“I’m not a writer.” The model Malgosia Bela is taking great pains to drive home this point. We are on a Zoom to discuss Winter Girl, her new book that gathers 100 memorable images from a career that’s spanned over two decades (and counting). It’s a gorgeous tome that includes photographs of Bela taken by many of the greatest photographers of our time, but what makes it stand out among other fashion coffee table books is the fact that it’s anchored by her writing. Her prose is steady but self-deprecating, precise but friendly, and it quickly brings you into her world. Take the book’s introduction, where she explains the “Winter Girl” of it all. After not getting confirmed for a slew of jobs in the summer, she begins to worry.
But she doubles down. “I’m going to say that again, I am not a writer.” She says that even though the text came first, and even though her process is suspiciously close to that of every writer ever. (“It cost me a lot to actually sit down on my ass and write things. You can be sure I will clean the entire house, I will do laundry, I will do everything that I don’t need to do before I sit down and write.”)
Though the 46-year old model never kept a diary, she did have a best friend, Filip Niedenthal—who also happens to be the publisher of Winter Girl— whom she told “everything” to throughout the years. “Filip has this kind of weird geeky memory, and somehow we both remembered the stories from over two decades ago,” she explains. Although the stories are of her life, they are of her life as a model, with glimpses of her personal life seeping through. “The stories [in the book] say something about the photographers, my relationship to them, and my admiration and love of that whole process of creating images,” Bela adds. “I didn’t want it to be a biography. First of all, I’m still alive and I’m not that big a model—I’m not a supermodel of the 1990s or the 1980s. I’ve been in this business for 25 years, through the analog and the digital world, and I’ve witnessed all these changes. It’s a tribute to artists and to this world.”
There are 10 essays, on, among other things: getting started in modeling, almost getting attacked by wild animals (and photographers), young boyfriends who actually don’t let you down, working with Tim Walker and bringing her son along for the magical ride, not working with Irving Penn but loving him anyway, and working with Richard Avedon and loving him and using his material for her thesis when she finished her masters in Cultural Anthropology. The images are not in chronological order, but rather they relate to each text and then sort of go from there, extending like little branches on a tree.

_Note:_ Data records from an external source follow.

(* Let $(V,m)$ be a discrete measure space and $(b,c)$ a graph over $(V,m)$. If $Q^{(N)}\neq Q^{(D)}$, then there exists a non-negative function $u\in D(Q^{(N)})\cap\ell^\infty(V)$, $u\not\equiv 0$, with $(\widetilde L+1)u=0$.
   Context: $V$ is a finite or countably infinite set and $m:V\to(0,\infty)$; $(V,m)$ is a discrete measure space. $C(V)$ is the set of all functions $V\to\mathbb C$, $C_c(V)$ the finitely supported ones, and $\ell^2(V,m)$ carries $\langle u,v\rangle=\sum_x u(x)\overline{v(x)}m(x)$. A graph over $(V,m)$ is a pair $(b,c)$ with $c:V\to[0,\infty)$, $b:V\times V\to[0,\infty)$, $b(x,x)=0$, $b(x,y)=b(y,x)$, $\sum_y b(x,y)<\infty$. Let $\widetilde F=\{u\in C(V):\sum_y|b(x,y)u(y)|<\infty\ \forall x\}$ and $\widetilde L u(x)=\frac{1}{m(x)}\sum_y b(x,y)(u(x)-u(y))+\frac{c(x)}{m(x)}u(x)$ for $u\in\widetilde F$. $Q^{(N)}$ is the form on $\ell^2(V,m)$ with domain $D(Q^{(N)})=\{u\in\ell^2(V,m):\frac12\sum_{x,y}b(x,y)|u(x)-u(y)|^2+\sum_x c(x)|u(x)|^2<\infty\}$ and $Q^{(N)}(u,v)=\frac12\sum_{x,y}b(x,y)(u(x)-u(y))\overline{(v(x)-v(y))}+\sum_x c(x)u(x)\overline{v(x)}$; it is non-negative, symmetric and closed, and $D(Q^{(N)})\subseteq\widetilde F$. $Q^{(D)}$ is the closure of the restriction of $Q^{(N)}$ to $C_c(V)$. Two forms are equal if they have the same domain and agree on it. *)

From Stdlib Require Import Reals Lra List ClassicalEpsilon.
Import ListNotations.
Open Scope R_scope.
Set Implicit Arguments.

Definition C := (R * R)%type.
Definition Cof (r : R) : C := (r, 0).
Definition C0 : C := (0, 0).
Definition Cadd (z w : C) : C := (fst z + fst w, snd z + snd w).
Definition Csub (z w : C) : C := (fst z - fst w, snd z - snd w).
Definition Cmul (z w : C) : C :=
  (fst z * fst w - snd z * snd w, fst z * snd w + snd z * fst w).
Definition Cconj (z : C) : C := (fst z, - snd z).
Definition Cscal (r : R) (z : C) : C := (r * fst z, r * snd z).
Definition Cnorm2 (z : C) : R := fst z * fst z + snd z * snd z.

Fixpoint sum_list {T : Type} (f : T -> R) (l : list T) : R :=
  match l with [] => 0 | x :: l' => f x + sum_list f l' end.

Definition has_sum {T : Type} (f : T -> R) (s : R) : Prop :=
  forall eps, eps > 0 -> exists l0 : list T,
    forall l, NoDup l -> incl l0 l -> Rabs (sum_list f l - s) < eps.

Definition summable {T : Type} (f : T -> R) : Prop := exists s, has_sum f s.

(* the sum (0 if the family is not summable) *)
Definition tsum {T : Type} (f : T -> R) : R :=
  epsilon (inhabits 0) (fun s => has_sum f s).

Definition summableC {T : Type} (f : T -> C) : Prop :=
  summable (fun x => fst (f x)) /\ summable (fun x => snd (f x)).
Definition abs_summableC {T : Type} (f : T -> C) : Prop :=
  summable (fun x => sqrt (Cnorm2 (f x))).
Definition tsumC {T : Type} (f : T -> C) : C :=
  (tsum (fun x => fst (f x)), tsum (fun x => snd (f x))).

Definition countable (V : Type) : Prop :=
  exists f : V -> nat, forall x y, f x = f y -> x = y.

Definition measure_space (V : Type) (m : V -> R) : Prop :=
  countable V /\ forall x, 0 < m x.

Definition is_graph (V : Type) (b : V -> V -> R) (c : V -> R) : Prop :=
  (forall x, 0 <= c x) /\
  (forall x y, 0 <= b x y) /\
  (forall x, b x x = 0) /\
  (forall x y, b x y = b y x) /\
  (forall x, summable (fun y => b x y)).

Definition fsub {V : Type} (u v : V -> C) : V -> C := fun x => Csub (u x) (v x).

Definition finsupp {V : Type} (u : V -> C) : Prop :=
  exists l : list V, forall x, u x <> C0 -> In x l.

Definition l2 {V : Type} (m : V -> R) (u : V -> C) : Prop :=
  summable (fun x => Cnorm2 (u x) * m x).
Definition l2norm2 {V : Type} (m : V -> R) (u : V -> C) : R :=
  tsum (fun x => Cnorm2 (u x) * m x).

Definition linfty {V : Type} (u : V -> C) : Prop :=
  exists M, forall x, Cnorm2 (u x) <= M.

Record form (V : Type) := mkForm {
  fdom : (V -> C) -> Prop;
  fval : (V -> C) -> (V -> C) -> C }.

Definition form_eq {V : Type} (F G : form V) : Prop :=
  (forall u, fdom F u <-> fdom G u) /\
  (forall u v, fdom F u -> fdom F v -> fval F u v = fval G u v).

Definition QN_dom {V : Type} (m : V -> R) (b : V -> V -> R) (c : V -> R)
  (u : V -> C) : Prop :=
  l2 m u /\
  summable (fun p : V * V => b (fst p) (snd p) * Cnorm2 (Csub (u (fst p)) (u (snd p)))) /\
  summable (fun x => c x * Cnorm2 (u x)).

Definition QN_val {V : Type} (b : V -> V -> R) (c : V -> R)
  (u v : V -> C) : C :=
  Cadd
    (Cscal (1/2) (tsumC (fun p : V * V =>
        Cscal (b (fst p) (snd p))
          (Cmul (Csub (u (fst p)) (u (snd p)))
                (Cconj (Csub (v (fst p)) (v (snd p))))))))
    (tsumC (fun x => Cscal (c x) (Cmul (u x) (Cconj (v x))))).

Definition QN {V : Type} (m : V -> R) (b : V -> V -> R) (c : V -> R) : form V :=
  mkForm (QN_dom m b c) (QN_val b c).

Definition restrict_Cc {V : Type} (F : form V) : form V :=
  mkForm (fun u => finsupp u /\ fdom F u) (fval F).

(** Closure of a (closable) form on l^2(V,m):
    u is in the domain iff there is a sequence u_n in the domain of F with
    u_n -> u in l^2(V,m) and u_n Cauchy w.r.t. F; the value is the limit
    of F(u_n, v_n) along such approximating sequences. *)
Definition approx {V : Type} (m : V -> R) (F : form V)
  (un : nat -> V -> C) (u : V -> C) : Prop :=
  (forall n, fdom F (un n)) /\
  (forall n, l2 m (fsub (un n) u)) /\
  Un_cv (fun n => l2norm2 m (fsub (un n) u)) 0 /\
  (forall eps, eps > 0 -> exists N, forall n k, (n >= N)%nat -> (k >= N)%nat ->
     Cnorm2 (fval F (fsub (un n) (un k)) (fsub (un n) (un k))) < eps).
(* From u <= e^u and y u - u^2/2 <= (k + y + 1)^2/2 - (k + 1) u. *)
Lemma gauss_kernel_exp_dominated (k : nat) (y u : R) :
  0 <= u -> 0 <= gauss_kernel k y u <= exp ((INR k + y + 1) ^ 2 / 2) * exp (- u).
Proof.
intros Hu. split; [now apply gauss_kernel_ge_0 |].
assert (Hpow : u ^ k <= exp (INR k * u)).
{ rewrite <- pow_exp. apply pow_incr. assert (H := exp_ineq1_le u). lra. }
apply Rle_trans with (exp (INR k * u) * exp (y * u - u ^ 2 / 2)).
{ apply Rmult_le_compat_r; [left; apply exp_pos | exact Hpow]. }
rewrite <- !exp_plus. apply exp_le_compat.
assert (0 <= (INR k + y + 1 - u) ^ 2) by apply pow2_ge_0. nra.
Qed.

Lemma is_RInt_gen_gauss_moment (k : nat) (y : R) :
  is_RInt_gen (gauss_kernel k y) (at_point 0) (Rbar_locally p_infty) (gauss_moment k y).
Proof.
destruct (is_RInt_gen_exp_dominated (gauss_kernel k y) (exp ((INR k + y + 1) ^ 2 / 2)))
  as [l [Hl _]].
- apply gauss_kernel_continuous.
- apply gauss_kernel_exp_dominated.
- unfold gauss_moment. now rewrite (is_RInt_gen_unique _ _ Hl).
Qed.

Lemma gauss_moment_gt_0 (k : nat) (y : R) : 0 < gauss_moment k y.
Proof.
destruct (is_RInt_gen_exp_dominated (gauss_kernel k y) (exp ((INR k + y + 1) ^ 2 / 2)))
  as [l [Hl Hsup]].
- apply gauss_kernel_continuous.
- apply gauss_kernel_exp_dominated.
- unfold gauss_moment. rewrite (is_RInt_gen_unique _ _ Hl).
  apply Rlt_le_trans with (RInt (gauss_kernel k y) 0 1); [| apply Hsup; lra].
  apply RInt_gt_0; [lra | intros x Hx; apply gauss_kernel_gt_0; lra |].
  intros x _. apply gauss_kernel_continuous.
Qed.
Lemma sum_unique {I : Type} i0 (a : I -> M) : (forall i, i <> i0 -> a i = 0) -> sum I a = a i0.
Proof.
move=> aP; rewrite (@sum_inj I unit (fun _ => i0)) ?(@sum_single _ _ tt) //.
- by case.
- by do 2!case.
- by move=> i i0'; apply: aP => e; apply: (i0' tt).
Qed.

Lemma sum_prod {I J : Type} (a : I * J -> M) :
  sum (I * J)%type a = sum I (fun i => sum J (fun j => a (i, j))).
Proof.
rewrite (sum_partition fst); apply: eq_sum => i.
rewrite (@sum_reindex _ _ (fun j => exist (fun x : I * J => x.1 = i) (i, j) erefl)
   (fun x => (sval x).2)) // => -[[i' j] /= e].
by apply: eq_exist; rewrite e.
Qed.

Lemma exchange_sum {I J : Type} (a : I -> J -> M) :
  sum I (fun i => sum J (a i)) = sum J (fun j => sum I (fun i => a i j)).
Proof.
rewrite -(sum_prod (fun x => a x.1 x.2)) -(sum_prod (fun x => a x.2 x.1)).
by rewrite (@sum_reindex _ _ (fun x : J * I => (x.2, x.1)) (fun x => (x.2, x.1))) // => -[].
Qed.

Lemma sumD {I : Type} (a b : I -> M) : sum I (fun i => a i + b i) = sum I a + sum I b.
Proof.
transitivity (sum I (fun i => sum bool (fun c => if c then a i else b i))).
  by apply: eq_sum => i; rewrite sum_bool.
by rewrite exchange_sum sum_bool.
Qed.
(* Let $\Gamma=(V,E)$ be a weakly connected simple digraph and $G$ a finite group. Then there exists a map $\rho:E\to G$ such that the voltage graph $(\Gamma,\rho)$ is structurally balanced and nondegenerate if and only if $|V|\ge|G|$.
   Context: $e_{ij}$ is the edge $v_i\to v_j$. A semi-walk from $v_{i_1}$ to $v_{i_n}$ is $w=v_{i_1}a_1\dots a_{n-1}v_{i_n}$ with each $a_j\in\{e_{i_ji_{j+1}},e_{i_{j+1}i_j}\}$; it is closed if $v_{i_1}=v_{i_n}$. $\Gamma$ is weakly connected if any two vertices are joined by a semi-walk. Net voltage: $f(w)=\bar\rho(a_1)\cdots\bar\rho(a_{n-1})$ with $\bar\rho(a_j)=\rho(a_j)$ if $a_j=e_{i_ji_{j+1}}$ and $\rho(a_j)^{-1}$ otherwise; $f$ of a single-vertex semi-walk is the identity $\mathbf 1$. $(\Gamma,\rho)$ is structurally balanced if $f(w)=\mathbf 1$ for every closed semi-walk $w$. With $\mathrm{Net}(v_i,V)=\{f(w): w$ a semi-walk starting at $v_i\}$, $(\Gamma,\rho)$ is nondegenerate if $\mathrm{Net}(v_i,V)=G$ for some vertex $v_i$. *)

From mathcomp Require Import all_boot all_fingroup.
Set Implicit Arguments. Unset Strict Implicit. Unset Printing Implicit Defensive.
Local Open Scope group_scope.

(* A simple digraph on a finite vertex set V is an irreflexive relation
   e : rel V (e u v means the edge e_uv : u -> v exists; no multi-edges).
   A semi-walk starting at x is encoded as a sequence of steps (y, d):
   the next vertex y and the direction d of the edge used
   (d = true: edge x -> y is traversed forwards;
    d = false: edge y -> x is traversed backwards). *)

Section SemiWalks.
Variables (V : finType) (e : rel V).

Definition simple_digraph := irreflexive e.

Fixpoint semiwalk (x : V) (s : seq (V * bool)) : bool :=
  match s with
  | [::] => true
  | (y, d) :: s' => (if d then e x y else e y x) && semiwalk y s'
  end.

Definition sw_end (x : V) (s : seq (V * bool)) : V := last x (map fst s).

Definition weakly_connected : Prop :=
  forall u v : V, exists s, semiwalk u s /\ sw_end u s = v.

Variable gT : finGroupType.
(* voltage assignment; only its values on edges e u v are ever used *)
Variable rho : V -> V -> gT.

Fixpoint net_voltage (x : V) (s : seq (V * bool)) : gT :=
  match s with
  | [::] => 1
  | (y, d) :: s' => (if d then rho x y else (rho y x)^-1) * net_voltage y s'
  end.

Definition structurally_balanced : Prop :=
  forall x s, semiwalk x s -> sw_end x s = x -> net_voltage x s = 1.

Definition Net_full (v : V) : Prop :=
  forall g : gT, exists s, semiwalk v s /\ net_voltage v s = g.

Definition nondegenerate : Prop := exists v : V, Net_full v.

End SemiWalks.

From mathcomp Require Import all_boot all_fingroup.
Set Implicit Arguments. Unset Strict Implicit. Unset Printing Implicit Defensive.
Local Open Scope group_scope.

(* In a structurally balanced voltage graph the net voltage of a semi-walk
   depends only on its endpoints, since a walk followed by the reverse of
   another one with the same endpoints is closed. Hence, if Net(v, V) = G,
   sending g to the endpoint of a semi-walk from v of net voltage g is
   injective, and |G| <= |V|. Conversely, for a surjection phi : V -> G the
   voltages rho(x, y) = phi(x)^-1 phi(y) telescope along every semi-walk, so
   they are balanced, and by weak connectivity every group element occurs
   as a net voltage. *)

Section SemiWalkAlgebra.
Variables (V : finType) (e : rel V) (gT : finGroupType) (rho : V -> V -> gT).

Lemma semiwalk_cat (x : V) (s1 s2 : seq (V * bool)) :
  semiwalk e x (s1 ++ s2) = semiwalk e x s1 && semiwalk e (sw_end x s1) s2.
Proof. by elim: s1 x => [|[y d] s IH] x //=; rewrite IH andbA. Qed.

Lemma sw_end_cat (x : V) (s1 s2 : seq (V * bool)) :
  sw_end x (s1 ++ s2) = sw_end (sw_end x s1) s2.
Proof. by rewrite /sw_end map_cat last_cat. Qed.

Lemma sw_end_cons (x y : V) (d : bool) (s : seq (V * bool)) :
  sw_end x ((y, d) :: s) = sw_end y s.
Proof. by []. Qed.

Lemma net_voltage_cat (x : V) (s1 s2 : seq (V * bool)) :
  net_voltage rho x (s1 ++ s2) =
  net_voltage rho x s1 * net_voltage rho (sw_end x s1) s2.
Proof.
elim: s1 x => [|[y d] s IH] x /=; first by rewrite mul1g.
by rewrite IH mulgA.
Qed.

Fixpoint sw_rev (x : V) (s : seq (V * bool)) : seq (V * bool) :=
  match s with
  | [::] => [::]
  | (y, d) :: s' => rcons (sw_rev y s') (x, ~~ d)
  end.

Lemma sw_end_rev (x : V) (s : seq (V * bool)) :
  sw_end (sw_end x s) (sw_rev x s) = x.
Proof.
elim: s x => [|[y d] s IH] x //=.
by rewrite sw_end_cons -cats1 sw_end_cat IH.
Qed.

Lemma semiwalk_rev (x : V) (s : seq (V * bool)) :
  semiwalk e x s -> semiwalk e (sw_end x s) (sw_rev x s).
Proof.
elim: s x => [|[y d] s IH] x //= /andP[exy ws].
rewrite sw_end_cons -cats1 semiwalk_cat IH //= sw_end_rev andbT.
by case: d exy.
Qed.

Lemma net_voltage_rev (x : V) (s : seq (V * bool)) :
  net_voltage rho (sw_end x s) (sw_rev x s) = (net_voltage rho x s)^-1.
Proof.
elim: s x => [|[y d] s IH] x /=; first by rewrite invg1.
rewrite sw_end_cons -cats1 net_voltage_cat IH sw_end_rev /= mulg1 invMg.
by case: d; rewrite ?invgK.
Qed.

Lemma balanced_net_voltage_eq (x : V) (s1 s2 : seq (V * bool)) :
  structurally_balanced e rho -> semiwalk e x s1 -> semiwalk e x s2 ->
  sw_end x s1 = sw_end x s2 -> net_voltage rho x s1 = net_voltage rho x s2.
Proof.
move=> balanced w1 w2 end12.
have := balanced x (s1 ++ sw_rev x s2).
rewrite semiwalk_cat sw_end_cat net_voltage_cat w1 end12 semiwalk_rev //.
rewrite sw_end_rev net_voltage_rev => /(_ isT erefl) /eqP.
by rewrite -eq_mulgV1 => /eqP.
Qed.

Lemma balanced_Net_full_card_leq (v : V) :
  structurally_balanced e rho -> Net_full e rho v -> #|gT| <= #|V|.
Proof.
move=> balanced full.
have walkP g : exists s, semiwalk e v s && (net_voltage rho v s == g).
  by have [s [ws <-]] := full g; exists s; rewrite ws eqxx.
pose walk g := xchoose (walkP g).
have walk_spec g : semiwalk e v (walk g) && (net_voltage rho v (walk g) == g).
  exact: (xchooseP (walkP g)).
apply: (@leq_card _ _ (fun g => sw_end v (walk g))) => g1 g2 end12.
have /andP[w1 /eqP <-] := walk_spec g1; have /andP[w2 /eqP <-] := walk_spec g2.
exact: balanced_net_voltage_eq.
Qed.

End SemiWalkAlgebra.

Section PotentialVoltages.
Variables (V : finType) (e : rel V) (gT : finGroupType) (phi : V -> gT).

Definition potential_voltage (x y : V) : gT := (phi x)^-1 * phi y.

Lemma net_potential_voltage (x : V) (s : seq (V * bool)) :
  net_voltage potential_voltage x s = (phi x)^-1 * phi (sw_end x s).
Proof.
elim: s x => [|[y d] s IH] x /=; first by rewrite mulVg.
rewrite IH sw_end_cons /potential_voltage.
by case: d; rewrite ?invMg ?invgK mulgA mulgK.
Qed.

Lemma potential_balanced : structurally_balanced e potential_voltage.
Proof. by move=> x s _ end_x; rewrite net_potential_voltage end_x mulVg. Qed.

Lemma potential_Net_full (v : V) :
  weakly_connected e -> (forall g, exists w, phi w = g) ->
  Net_full e potential_voltage v.
Proof.
move=> connected phi_onto g; have [w phi_w] := phi_onto (phi v * g).
have [s [ws end_w]] := connected v w.
by exists s; rewrite net_potential_voltage end_w phi_w mulKg.
Qed.

End PotentialVoltages.

Lemma exists_onto_of_card_leq (T T' : finType) :
  #|T'| <= #|T| -> T' -> exists f : T -> T', forall y, exists x, f x = y.
Proof.
move=> le_card y0; exists (fun x => nth y0 (enum T') (enum_rank x)) => y.
have lt_y : index y (enum T') < #|T|.
  by apply: leq_trans le_card; rewrite cardE index_mem mem_enum.
by exists (enum_val (Ordinal lt_y)); rewrite enum_valK nth_index ?mem_enum.
Qed.

Theorem theorem2 (V : finType) (e : rel V) (gT : finGroupType) :
  simple_digraph e -> weakly_connected e ->
  ((exists rho : V -> V -> gT,
      structurally_balanced e rho /\ nondegenerate e rho)
   <-> #|gT| <= #|V|).
Proof.
move=> _ connected; split.
- by move=> [rho [balanced [v full]]]; exact: balanced_Net_full_card_leq full.
- move=> le_card; have [phi phi_onto] := exists_onto_of_card_leq le_card 1.
  have [v _] := phi_onto 1.
  exists (potential_voltage phi); split; first exact: potential_balanced.
  by exists v; apply: potential_Net_full.
Qed.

Although the project began in part as a result of her son leaving for college, she found a new part of herself in the process, especially as she began reaching out to the photographers to secure rights for all the images. “When it came to the biggest photographers, I was writing emails myself and it kind of blew my mind how positive and friendly the reactions were; it was all, ‘Wow, this is amazing, of course, take whatever you need!’,” she recalls. “And it was a nice feeling because I wasn’t aware of that relationship, I wasn’t aware of how I was valued by the photographers as a model—I mean, I knew I worshipped them—but it was a nice feeling. It confirmed that this book was a tribute.”